[Dataset entries]

·····

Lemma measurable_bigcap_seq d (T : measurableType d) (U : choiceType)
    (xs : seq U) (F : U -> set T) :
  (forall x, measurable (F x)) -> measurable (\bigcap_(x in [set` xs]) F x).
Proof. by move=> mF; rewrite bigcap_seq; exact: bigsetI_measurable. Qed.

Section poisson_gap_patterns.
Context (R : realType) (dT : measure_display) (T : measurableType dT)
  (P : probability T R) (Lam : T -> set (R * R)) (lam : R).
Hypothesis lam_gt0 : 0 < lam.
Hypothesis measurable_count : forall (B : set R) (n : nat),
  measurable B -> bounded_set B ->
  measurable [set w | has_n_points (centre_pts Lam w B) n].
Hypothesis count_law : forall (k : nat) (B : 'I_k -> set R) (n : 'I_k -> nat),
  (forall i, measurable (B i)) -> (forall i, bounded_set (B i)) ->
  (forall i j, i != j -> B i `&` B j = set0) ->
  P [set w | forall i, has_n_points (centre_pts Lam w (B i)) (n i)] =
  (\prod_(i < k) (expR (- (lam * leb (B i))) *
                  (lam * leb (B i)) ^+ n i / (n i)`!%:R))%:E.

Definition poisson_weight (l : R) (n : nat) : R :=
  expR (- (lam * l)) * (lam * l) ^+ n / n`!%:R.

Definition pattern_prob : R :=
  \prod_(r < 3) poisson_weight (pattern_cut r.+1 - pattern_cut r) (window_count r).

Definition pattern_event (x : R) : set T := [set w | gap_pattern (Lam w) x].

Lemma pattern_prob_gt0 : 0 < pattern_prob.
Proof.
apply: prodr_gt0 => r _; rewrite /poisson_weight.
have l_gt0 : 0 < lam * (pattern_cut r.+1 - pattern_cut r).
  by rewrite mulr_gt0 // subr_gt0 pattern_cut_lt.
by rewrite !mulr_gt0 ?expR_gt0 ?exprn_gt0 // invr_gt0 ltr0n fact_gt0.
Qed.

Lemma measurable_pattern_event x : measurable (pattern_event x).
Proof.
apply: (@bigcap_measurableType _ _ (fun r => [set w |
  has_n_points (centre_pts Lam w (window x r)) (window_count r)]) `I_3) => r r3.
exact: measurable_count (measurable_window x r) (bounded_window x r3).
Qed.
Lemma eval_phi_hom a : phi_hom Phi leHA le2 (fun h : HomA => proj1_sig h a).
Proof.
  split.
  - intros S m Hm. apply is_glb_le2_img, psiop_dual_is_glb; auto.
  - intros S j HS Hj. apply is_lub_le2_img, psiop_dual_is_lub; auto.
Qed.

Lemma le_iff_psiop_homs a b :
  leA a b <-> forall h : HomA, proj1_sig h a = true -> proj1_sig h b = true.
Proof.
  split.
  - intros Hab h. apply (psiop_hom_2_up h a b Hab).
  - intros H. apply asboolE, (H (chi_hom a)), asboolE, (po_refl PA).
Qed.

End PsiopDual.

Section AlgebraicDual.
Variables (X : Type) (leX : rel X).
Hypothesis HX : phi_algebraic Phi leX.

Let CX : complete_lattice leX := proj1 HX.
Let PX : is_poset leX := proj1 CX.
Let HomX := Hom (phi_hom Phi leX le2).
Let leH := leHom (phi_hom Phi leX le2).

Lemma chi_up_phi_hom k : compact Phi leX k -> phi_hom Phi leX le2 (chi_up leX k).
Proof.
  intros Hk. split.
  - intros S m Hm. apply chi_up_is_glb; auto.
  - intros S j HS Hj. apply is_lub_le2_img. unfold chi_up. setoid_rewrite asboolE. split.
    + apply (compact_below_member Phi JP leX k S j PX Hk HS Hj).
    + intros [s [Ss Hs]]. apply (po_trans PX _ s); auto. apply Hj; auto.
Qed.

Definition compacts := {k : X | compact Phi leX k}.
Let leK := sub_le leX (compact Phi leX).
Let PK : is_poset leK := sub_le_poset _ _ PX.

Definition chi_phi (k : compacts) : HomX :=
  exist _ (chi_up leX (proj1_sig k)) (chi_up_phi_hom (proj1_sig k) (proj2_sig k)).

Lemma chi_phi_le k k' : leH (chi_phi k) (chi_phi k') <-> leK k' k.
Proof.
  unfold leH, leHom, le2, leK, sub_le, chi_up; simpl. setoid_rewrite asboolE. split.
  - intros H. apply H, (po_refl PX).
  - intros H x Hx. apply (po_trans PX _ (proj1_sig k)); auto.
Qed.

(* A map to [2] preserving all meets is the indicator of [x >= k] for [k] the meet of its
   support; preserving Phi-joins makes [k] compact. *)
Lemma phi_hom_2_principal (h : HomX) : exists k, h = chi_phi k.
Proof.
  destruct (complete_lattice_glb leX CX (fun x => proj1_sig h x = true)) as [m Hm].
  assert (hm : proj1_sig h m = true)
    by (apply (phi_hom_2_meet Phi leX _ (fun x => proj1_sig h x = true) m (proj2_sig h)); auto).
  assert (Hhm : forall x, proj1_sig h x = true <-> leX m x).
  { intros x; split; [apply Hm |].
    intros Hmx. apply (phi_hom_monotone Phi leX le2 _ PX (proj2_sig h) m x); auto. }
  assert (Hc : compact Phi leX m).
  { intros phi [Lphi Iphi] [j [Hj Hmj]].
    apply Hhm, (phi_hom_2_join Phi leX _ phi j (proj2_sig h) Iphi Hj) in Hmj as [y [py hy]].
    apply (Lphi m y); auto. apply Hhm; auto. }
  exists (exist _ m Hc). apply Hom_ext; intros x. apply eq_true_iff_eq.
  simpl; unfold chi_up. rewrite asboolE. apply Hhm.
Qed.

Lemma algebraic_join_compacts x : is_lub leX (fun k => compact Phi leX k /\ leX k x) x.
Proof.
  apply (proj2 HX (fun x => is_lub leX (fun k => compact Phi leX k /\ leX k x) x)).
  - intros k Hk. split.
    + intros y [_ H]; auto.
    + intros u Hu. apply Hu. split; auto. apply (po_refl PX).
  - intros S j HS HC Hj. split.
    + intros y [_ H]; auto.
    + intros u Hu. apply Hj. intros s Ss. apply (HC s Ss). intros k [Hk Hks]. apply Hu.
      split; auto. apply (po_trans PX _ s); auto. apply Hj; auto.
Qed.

·····

With the line that has "Lemma phi_hom_2_principal (h" as the first and the line that has "Hks]. apply Hu." as the last, repeat exactly that run of lines above and no more.

● Written solution:
Lemma phi_hom_2_principal (h : HomX) : exists k, h = chi_phi k.
Proof.
  destruct (complete_lattice_glb leX CX (fun x => proj1_sig h x = true)) as [m Hm].
  assert (hm : proj1_sig h m = true)
    by (apply (phi_hom_2_meet Phi leX _ (fun x => proj1_sig h x = true) m (proj2_sig h)); auto).
  assert (Hhm : forall x, proj1_sig h x = true <-> leX m x).
  { intros x; split; [apply Hm |].
    intros Hmx. apply (phi_hom_monotone Phi leX le2 _ PX (proj2_sig h) m x); auto. }
  assert (Hc : compact Phi leX m).
  { intros phi [Lphi Iphi] [j [Hj Hmj]].
    apply Hhm, (phi_hom_2_join Phi leX _ phi j (proj2_sig h) Iphi Hj) in Hmj as [y [py hy]].
    apply (Lphi m y); auto. apply Hhm; auto. }
  exists (exist _ m Hc). apply Hom_ext; intros x. apply eq_true_iff_eq.
  simpl; unfold chi_up. rewrite asboolE. apply Hhm.
Qed.

Lemma algebraic_join_compacts x : is_lub leX (fun k => compact Phi leX k /\ leX k x) x.
Proof.
  apply (proj2 HX (fun x => is_lub leX (fun k => compact Phi leX k /\ leX k x) x)).
  - intros k Hk. split.
    + intros y [_ H]; auto.
    + intros u Hu. apply Hu. split; auto. apply (po_refl PX).
  - intros S j HS HC Hj. split.
    + intros y [_ H]; auto.
    + intros u Hu. apply Hj. intros s Ss. apply (HC s Ss). intros k [Hk Hks]. apply Hu.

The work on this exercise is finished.